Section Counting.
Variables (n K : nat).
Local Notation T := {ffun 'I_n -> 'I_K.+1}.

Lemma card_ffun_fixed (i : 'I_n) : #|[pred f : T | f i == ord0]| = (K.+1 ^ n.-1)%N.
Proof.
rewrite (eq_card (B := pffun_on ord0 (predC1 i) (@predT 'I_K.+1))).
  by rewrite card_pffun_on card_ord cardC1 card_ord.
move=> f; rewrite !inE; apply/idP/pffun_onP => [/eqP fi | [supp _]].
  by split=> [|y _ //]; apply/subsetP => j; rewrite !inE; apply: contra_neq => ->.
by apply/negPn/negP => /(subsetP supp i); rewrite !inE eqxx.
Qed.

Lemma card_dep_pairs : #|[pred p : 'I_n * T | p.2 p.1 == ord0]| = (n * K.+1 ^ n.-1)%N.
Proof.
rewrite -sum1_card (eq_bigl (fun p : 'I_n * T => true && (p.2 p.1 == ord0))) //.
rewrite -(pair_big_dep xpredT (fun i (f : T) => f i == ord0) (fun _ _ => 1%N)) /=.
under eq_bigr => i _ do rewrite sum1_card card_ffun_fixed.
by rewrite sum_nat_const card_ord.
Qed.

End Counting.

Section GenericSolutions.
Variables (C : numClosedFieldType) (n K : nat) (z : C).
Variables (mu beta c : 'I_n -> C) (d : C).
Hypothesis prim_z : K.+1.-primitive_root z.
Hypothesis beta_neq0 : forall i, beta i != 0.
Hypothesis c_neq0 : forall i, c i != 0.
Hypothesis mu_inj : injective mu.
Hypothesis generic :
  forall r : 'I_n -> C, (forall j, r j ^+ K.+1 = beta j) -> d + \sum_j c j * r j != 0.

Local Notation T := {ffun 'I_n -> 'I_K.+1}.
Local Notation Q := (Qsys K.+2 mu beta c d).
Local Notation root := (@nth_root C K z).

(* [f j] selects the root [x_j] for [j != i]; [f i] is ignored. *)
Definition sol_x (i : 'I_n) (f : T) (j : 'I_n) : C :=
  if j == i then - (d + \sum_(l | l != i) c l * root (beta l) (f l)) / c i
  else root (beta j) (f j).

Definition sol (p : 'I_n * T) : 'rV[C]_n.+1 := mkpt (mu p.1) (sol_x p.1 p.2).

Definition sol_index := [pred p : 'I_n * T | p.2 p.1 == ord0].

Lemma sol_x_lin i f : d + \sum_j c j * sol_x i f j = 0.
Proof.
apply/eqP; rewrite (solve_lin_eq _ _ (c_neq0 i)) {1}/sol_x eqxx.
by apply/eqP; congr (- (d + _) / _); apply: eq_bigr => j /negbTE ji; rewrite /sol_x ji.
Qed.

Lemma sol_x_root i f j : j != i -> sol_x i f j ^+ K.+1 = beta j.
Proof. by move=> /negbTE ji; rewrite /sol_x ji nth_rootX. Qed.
──────────────────────────────
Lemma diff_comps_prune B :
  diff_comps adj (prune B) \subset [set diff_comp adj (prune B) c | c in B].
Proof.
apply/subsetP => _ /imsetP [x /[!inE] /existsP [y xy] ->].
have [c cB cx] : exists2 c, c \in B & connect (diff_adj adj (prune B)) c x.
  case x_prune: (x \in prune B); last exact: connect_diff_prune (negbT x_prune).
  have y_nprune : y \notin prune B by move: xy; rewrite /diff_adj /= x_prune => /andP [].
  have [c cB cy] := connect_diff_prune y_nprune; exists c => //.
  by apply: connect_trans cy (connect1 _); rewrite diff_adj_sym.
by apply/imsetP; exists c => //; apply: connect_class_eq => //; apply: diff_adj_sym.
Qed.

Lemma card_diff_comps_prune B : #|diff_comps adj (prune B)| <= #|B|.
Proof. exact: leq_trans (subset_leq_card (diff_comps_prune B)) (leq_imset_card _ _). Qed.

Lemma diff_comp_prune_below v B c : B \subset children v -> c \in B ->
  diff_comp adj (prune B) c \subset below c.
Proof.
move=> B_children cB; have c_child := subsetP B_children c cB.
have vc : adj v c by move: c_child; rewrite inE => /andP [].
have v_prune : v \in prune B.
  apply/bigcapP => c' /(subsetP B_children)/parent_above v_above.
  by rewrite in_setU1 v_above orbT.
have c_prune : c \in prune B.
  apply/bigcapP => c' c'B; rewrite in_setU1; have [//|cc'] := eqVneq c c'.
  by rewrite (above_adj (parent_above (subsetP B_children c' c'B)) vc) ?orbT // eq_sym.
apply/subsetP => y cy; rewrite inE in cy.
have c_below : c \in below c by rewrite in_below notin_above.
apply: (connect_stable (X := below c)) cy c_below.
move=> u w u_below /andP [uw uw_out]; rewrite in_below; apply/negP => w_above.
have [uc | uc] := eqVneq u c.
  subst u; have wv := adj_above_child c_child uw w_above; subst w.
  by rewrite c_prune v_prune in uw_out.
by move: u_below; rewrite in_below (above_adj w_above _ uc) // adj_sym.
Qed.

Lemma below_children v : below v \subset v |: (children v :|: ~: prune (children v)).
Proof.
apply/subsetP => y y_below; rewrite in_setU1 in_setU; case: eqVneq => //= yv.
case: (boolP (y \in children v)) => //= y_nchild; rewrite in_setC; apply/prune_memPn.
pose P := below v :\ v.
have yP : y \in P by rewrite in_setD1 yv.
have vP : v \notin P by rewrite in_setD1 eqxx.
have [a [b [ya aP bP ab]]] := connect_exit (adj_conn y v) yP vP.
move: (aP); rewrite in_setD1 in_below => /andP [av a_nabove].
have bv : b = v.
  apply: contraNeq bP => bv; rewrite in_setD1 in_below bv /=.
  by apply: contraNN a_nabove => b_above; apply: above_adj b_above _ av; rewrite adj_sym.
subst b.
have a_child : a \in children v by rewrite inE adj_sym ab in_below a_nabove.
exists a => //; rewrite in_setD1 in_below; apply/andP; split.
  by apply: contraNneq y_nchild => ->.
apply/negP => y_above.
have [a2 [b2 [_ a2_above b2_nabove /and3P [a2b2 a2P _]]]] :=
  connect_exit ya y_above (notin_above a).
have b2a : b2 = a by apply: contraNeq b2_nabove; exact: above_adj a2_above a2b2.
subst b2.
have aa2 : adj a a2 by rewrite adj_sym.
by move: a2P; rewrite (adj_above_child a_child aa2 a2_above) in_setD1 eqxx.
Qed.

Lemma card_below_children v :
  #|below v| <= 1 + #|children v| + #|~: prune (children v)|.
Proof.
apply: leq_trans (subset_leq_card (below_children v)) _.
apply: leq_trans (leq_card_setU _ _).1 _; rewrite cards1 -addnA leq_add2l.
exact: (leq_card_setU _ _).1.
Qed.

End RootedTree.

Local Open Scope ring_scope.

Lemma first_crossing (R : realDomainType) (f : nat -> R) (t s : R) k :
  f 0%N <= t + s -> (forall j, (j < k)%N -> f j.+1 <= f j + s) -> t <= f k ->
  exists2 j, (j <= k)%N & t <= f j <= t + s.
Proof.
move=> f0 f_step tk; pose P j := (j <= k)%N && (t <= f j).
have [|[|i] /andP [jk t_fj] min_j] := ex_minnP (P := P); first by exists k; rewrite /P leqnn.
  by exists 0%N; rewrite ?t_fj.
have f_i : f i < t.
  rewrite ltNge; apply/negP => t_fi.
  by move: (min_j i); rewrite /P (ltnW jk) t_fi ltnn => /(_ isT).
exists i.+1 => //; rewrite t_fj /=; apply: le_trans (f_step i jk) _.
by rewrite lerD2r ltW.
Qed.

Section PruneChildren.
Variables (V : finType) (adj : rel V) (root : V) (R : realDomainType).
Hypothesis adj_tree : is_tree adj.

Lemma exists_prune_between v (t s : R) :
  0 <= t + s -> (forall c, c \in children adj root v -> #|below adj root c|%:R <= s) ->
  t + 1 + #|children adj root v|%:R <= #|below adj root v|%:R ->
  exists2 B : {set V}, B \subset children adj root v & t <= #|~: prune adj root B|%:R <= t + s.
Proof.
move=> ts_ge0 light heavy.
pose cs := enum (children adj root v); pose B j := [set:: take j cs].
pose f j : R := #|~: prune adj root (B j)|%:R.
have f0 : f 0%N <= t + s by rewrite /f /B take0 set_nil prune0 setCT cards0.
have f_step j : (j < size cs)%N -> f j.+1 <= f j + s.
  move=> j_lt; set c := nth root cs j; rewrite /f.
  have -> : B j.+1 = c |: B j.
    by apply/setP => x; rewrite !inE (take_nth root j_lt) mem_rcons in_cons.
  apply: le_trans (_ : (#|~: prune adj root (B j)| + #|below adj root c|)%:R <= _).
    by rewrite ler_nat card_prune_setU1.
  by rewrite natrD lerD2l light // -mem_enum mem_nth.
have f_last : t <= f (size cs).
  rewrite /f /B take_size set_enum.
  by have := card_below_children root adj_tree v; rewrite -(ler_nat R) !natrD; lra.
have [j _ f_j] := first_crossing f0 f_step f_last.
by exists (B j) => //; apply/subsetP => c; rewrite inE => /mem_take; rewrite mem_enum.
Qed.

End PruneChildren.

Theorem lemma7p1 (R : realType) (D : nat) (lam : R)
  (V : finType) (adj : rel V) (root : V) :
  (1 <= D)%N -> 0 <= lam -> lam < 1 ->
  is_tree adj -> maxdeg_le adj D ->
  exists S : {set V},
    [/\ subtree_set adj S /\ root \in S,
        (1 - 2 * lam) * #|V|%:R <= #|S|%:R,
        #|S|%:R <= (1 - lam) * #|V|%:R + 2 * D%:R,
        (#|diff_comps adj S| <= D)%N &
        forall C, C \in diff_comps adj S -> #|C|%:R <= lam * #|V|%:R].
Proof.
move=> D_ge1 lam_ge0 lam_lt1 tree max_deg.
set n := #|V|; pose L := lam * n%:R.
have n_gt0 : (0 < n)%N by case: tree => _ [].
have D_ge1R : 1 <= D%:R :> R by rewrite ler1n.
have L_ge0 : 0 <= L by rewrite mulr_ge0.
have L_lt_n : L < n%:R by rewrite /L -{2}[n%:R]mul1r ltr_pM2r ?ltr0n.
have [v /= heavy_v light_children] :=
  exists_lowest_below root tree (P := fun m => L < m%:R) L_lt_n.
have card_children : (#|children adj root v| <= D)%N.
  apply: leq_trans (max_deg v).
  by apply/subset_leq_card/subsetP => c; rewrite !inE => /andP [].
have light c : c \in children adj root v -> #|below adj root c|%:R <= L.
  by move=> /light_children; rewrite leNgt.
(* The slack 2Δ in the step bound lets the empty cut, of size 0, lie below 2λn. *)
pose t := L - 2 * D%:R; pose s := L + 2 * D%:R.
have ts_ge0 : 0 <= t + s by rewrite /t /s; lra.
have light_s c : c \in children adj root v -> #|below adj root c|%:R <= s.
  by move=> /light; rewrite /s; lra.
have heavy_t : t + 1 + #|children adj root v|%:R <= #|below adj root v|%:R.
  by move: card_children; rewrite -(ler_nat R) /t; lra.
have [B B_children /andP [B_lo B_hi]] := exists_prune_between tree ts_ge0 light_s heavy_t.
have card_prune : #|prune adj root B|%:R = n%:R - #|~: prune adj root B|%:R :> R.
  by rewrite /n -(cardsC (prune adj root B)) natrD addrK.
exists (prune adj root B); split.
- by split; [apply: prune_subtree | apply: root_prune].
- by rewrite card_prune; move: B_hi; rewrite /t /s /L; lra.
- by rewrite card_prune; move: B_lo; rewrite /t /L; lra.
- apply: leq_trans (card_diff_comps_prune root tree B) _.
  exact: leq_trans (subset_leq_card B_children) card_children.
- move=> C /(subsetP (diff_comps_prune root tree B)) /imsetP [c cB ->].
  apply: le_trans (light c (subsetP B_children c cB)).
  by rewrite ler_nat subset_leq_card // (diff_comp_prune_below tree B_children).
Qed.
──────────────────────────────
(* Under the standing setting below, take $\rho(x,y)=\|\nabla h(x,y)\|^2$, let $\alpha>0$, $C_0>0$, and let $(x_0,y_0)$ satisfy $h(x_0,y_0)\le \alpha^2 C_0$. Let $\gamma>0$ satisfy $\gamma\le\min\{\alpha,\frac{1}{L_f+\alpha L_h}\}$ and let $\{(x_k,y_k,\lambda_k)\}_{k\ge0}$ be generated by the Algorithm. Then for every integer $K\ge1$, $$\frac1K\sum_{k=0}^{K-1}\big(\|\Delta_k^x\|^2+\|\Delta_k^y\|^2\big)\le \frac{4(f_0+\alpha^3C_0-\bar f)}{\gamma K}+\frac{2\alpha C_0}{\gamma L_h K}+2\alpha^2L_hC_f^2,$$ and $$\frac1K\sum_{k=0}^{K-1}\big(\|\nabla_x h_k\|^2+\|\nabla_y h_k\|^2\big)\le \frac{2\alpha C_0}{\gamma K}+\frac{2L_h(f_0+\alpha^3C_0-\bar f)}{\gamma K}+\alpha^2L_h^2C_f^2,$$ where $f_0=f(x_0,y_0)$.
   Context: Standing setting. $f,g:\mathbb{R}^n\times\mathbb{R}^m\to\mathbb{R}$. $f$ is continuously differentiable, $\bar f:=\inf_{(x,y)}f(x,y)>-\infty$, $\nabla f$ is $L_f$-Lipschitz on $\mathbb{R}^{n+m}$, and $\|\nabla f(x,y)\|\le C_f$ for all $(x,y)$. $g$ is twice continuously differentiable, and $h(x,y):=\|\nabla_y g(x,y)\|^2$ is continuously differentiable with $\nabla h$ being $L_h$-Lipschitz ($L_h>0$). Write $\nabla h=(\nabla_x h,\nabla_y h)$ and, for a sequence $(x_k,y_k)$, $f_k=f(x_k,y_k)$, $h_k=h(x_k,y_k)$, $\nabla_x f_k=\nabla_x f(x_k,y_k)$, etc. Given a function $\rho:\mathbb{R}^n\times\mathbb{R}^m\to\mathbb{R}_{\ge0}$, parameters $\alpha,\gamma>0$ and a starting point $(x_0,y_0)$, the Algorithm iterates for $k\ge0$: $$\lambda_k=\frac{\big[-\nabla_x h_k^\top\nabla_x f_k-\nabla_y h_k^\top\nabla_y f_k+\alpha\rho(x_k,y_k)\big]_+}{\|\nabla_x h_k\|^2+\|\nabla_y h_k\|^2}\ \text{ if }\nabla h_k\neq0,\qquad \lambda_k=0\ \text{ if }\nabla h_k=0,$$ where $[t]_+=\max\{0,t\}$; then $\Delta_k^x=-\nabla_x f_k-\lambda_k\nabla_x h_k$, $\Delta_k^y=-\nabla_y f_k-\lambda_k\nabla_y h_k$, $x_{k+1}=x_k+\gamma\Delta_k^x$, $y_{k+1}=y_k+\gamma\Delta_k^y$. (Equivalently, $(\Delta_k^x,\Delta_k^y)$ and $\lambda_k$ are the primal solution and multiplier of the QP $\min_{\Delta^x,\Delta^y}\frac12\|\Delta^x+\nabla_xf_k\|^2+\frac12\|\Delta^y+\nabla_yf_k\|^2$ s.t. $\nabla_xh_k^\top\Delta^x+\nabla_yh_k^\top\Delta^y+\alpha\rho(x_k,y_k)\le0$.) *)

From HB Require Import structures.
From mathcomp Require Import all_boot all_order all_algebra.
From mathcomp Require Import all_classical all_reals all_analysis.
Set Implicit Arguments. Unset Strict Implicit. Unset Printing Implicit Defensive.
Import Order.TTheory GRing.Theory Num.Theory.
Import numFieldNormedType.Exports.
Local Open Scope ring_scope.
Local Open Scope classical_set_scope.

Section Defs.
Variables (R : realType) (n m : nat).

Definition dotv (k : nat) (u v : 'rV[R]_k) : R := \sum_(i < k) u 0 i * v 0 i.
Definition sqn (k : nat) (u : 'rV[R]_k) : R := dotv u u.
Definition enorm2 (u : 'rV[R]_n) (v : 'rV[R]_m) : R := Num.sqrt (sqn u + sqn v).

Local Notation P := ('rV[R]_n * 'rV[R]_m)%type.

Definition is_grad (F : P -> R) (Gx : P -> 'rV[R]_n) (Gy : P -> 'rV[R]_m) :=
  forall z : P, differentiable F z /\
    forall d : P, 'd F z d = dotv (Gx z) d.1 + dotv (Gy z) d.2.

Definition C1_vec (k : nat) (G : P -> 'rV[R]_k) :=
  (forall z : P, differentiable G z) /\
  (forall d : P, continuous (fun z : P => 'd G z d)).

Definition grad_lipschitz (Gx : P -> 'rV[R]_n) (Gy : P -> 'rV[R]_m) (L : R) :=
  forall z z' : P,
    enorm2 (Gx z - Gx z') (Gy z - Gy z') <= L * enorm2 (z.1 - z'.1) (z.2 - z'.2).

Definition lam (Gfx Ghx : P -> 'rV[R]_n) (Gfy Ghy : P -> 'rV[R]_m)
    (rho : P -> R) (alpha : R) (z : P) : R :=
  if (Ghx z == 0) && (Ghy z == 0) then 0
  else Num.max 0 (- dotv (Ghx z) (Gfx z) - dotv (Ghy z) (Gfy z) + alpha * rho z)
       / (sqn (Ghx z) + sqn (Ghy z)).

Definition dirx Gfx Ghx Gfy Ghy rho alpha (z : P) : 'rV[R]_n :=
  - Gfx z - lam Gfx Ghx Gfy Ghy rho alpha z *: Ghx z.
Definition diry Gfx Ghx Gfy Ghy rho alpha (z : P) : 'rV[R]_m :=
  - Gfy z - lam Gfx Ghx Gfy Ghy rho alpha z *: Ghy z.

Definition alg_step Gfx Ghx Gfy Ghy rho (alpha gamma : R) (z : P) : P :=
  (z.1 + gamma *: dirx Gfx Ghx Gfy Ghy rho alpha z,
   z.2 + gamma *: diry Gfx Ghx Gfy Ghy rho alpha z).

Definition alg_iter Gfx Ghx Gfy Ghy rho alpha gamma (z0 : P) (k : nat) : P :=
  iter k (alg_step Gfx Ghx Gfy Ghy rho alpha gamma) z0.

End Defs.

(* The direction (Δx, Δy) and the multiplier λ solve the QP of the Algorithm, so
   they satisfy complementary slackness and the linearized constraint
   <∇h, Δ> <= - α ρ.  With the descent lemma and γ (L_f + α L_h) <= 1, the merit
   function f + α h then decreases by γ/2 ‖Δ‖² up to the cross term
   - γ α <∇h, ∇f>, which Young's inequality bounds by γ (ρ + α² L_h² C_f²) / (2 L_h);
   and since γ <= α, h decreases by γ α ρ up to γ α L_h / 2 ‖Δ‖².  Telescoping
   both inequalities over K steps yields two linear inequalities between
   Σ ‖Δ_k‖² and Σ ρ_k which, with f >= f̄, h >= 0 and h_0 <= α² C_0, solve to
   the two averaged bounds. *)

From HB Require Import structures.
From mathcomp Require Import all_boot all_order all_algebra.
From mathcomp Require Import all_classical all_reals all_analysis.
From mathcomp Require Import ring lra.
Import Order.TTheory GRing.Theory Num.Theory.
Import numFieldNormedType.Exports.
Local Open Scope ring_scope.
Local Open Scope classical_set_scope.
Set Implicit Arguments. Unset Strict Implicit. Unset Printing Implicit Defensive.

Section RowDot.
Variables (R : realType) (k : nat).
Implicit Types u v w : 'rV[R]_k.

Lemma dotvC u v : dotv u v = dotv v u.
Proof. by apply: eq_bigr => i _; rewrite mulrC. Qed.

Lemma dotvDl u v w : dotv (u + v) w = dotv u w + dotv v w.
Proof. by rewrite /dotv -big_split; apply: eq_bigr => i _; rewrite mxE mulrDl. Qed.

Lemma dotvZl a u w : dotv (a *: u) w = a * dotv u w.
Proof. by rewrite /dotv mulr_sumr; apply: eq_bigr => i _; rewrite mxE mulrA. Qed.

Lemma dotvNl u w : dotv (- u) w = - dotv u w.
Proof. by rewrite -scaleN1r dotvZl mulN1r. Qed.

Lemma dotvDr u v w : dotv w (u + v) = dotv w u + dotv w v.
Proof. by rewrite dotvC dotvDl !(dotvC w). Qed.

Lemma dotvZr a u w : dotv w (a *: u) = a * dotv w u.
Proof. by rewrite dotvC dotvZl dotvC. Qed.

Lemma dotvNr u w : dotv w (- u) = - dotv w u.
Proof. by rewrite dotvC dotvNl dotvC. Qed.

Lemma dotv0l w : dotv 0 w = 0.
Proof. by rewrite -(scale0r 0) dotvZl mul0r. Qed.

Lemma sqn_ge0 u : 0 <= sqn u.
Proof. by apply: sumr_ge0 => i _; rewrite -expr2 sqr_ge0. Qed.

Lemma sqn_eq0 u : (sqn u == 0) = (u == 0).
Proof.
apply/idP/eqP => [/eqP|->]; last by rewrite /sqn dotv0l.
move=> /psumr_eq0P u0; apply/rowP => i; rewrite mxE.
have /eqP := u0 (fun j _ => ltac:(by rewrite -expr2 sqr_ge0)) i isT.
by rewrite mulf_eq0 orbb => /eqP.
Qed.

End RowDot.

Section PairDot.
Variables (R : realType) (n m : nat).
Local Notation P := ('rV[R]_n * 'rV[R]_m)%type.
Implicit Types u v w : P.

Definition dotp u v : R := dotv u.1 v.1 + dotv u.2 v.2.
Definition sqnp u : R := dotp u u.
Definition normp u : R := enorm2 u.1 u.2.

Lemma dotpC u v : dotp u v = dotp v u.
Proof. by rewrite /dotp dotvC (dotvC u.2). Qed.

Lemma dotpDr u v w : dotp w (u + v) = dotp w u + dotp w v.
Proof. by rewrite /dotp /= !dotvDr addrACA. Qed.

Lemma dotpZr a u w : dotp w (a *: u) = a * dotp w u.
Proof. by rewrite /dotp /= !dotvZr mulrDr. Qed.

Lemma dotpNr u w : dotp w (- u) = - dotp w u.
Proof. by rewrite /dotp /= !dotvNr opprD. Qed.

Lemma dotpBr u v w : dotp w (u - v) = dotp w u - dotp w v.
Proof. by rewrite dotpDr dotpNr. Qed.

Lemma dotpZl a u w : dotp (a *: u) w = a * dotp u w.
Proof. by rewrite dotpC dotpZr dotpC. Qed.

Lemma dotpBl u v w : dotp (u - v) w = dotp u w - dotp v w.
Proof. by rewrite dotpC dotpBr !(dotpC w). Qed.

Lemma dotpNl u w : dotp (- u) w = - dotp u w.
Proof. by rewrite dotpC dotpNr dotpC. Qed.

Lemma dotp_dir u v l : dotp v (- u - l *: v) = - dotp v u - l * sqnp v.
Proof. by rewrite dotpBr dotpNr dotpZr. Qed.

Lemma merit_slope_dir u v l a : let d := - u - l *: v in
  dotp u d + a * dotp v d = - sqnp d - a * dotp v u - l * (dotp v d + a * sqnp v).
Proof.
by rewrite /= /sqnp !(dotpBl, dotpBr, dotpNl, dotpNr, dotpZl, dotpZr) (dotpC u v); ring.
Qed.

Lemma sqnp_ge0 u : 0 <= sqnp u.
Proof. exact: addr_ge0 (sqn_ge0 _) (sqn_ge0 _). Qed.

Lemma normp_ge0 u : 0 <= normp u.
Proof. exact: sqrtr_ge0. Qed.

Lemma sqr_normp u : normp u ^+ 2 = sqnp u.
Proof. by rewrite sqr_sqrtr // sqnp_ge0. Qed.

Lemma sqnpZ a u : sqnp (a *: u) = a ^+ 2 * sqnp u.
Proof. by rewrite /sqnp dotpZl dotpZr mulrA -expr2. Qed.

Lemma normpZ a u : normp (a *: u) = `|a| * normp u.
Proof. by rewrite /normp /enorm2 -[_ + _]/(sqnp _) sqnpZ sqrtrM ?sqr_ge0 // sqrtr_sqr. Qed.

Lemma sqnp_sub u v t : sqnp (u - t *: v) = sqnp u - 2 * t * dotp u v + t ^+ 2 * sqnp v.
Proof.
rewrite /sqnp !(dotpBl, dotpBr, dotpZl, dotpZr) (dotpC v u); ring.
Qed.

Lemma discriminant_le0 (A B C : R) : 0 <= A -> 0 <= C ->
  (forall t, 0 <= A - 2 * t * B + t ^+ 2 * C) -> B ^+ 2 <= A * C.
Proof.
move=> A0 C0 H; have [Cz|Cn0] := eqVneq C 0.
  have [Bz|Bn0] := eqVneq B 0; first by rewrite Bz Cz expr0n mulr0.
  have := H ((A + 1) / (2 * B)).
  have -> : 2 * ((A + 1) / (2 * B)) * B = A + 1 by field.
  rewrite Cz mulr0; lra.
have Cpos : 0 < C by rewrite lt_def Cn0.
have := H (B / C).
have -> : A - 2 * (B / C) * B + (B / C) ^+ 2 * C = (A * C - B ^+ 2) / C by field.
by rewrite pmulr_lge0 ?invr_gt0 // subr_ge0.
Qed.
──────────────────────────────
• [Directions]
Using the material above, transcribe exactly the lines from the line with "by exists (B" to the line with "(1 <= D)%N -> 0 <= lam -> lam < 1 ->"; both count, and nothing else goes in.

• [Response to this exercise]
by exists (B j) => //; apply/subsetP => c; rewrite inE => /mem_take; rewrite mem_enum.
Qed.

End PruneChildren.

Theorem lemma7p1 (R : realType) (D : nat) (lam : R)
  (V : finType) (adj : rel V) (root : V) :
  (1 <= D)%N -> 0 <= lam -> lam < 1 ->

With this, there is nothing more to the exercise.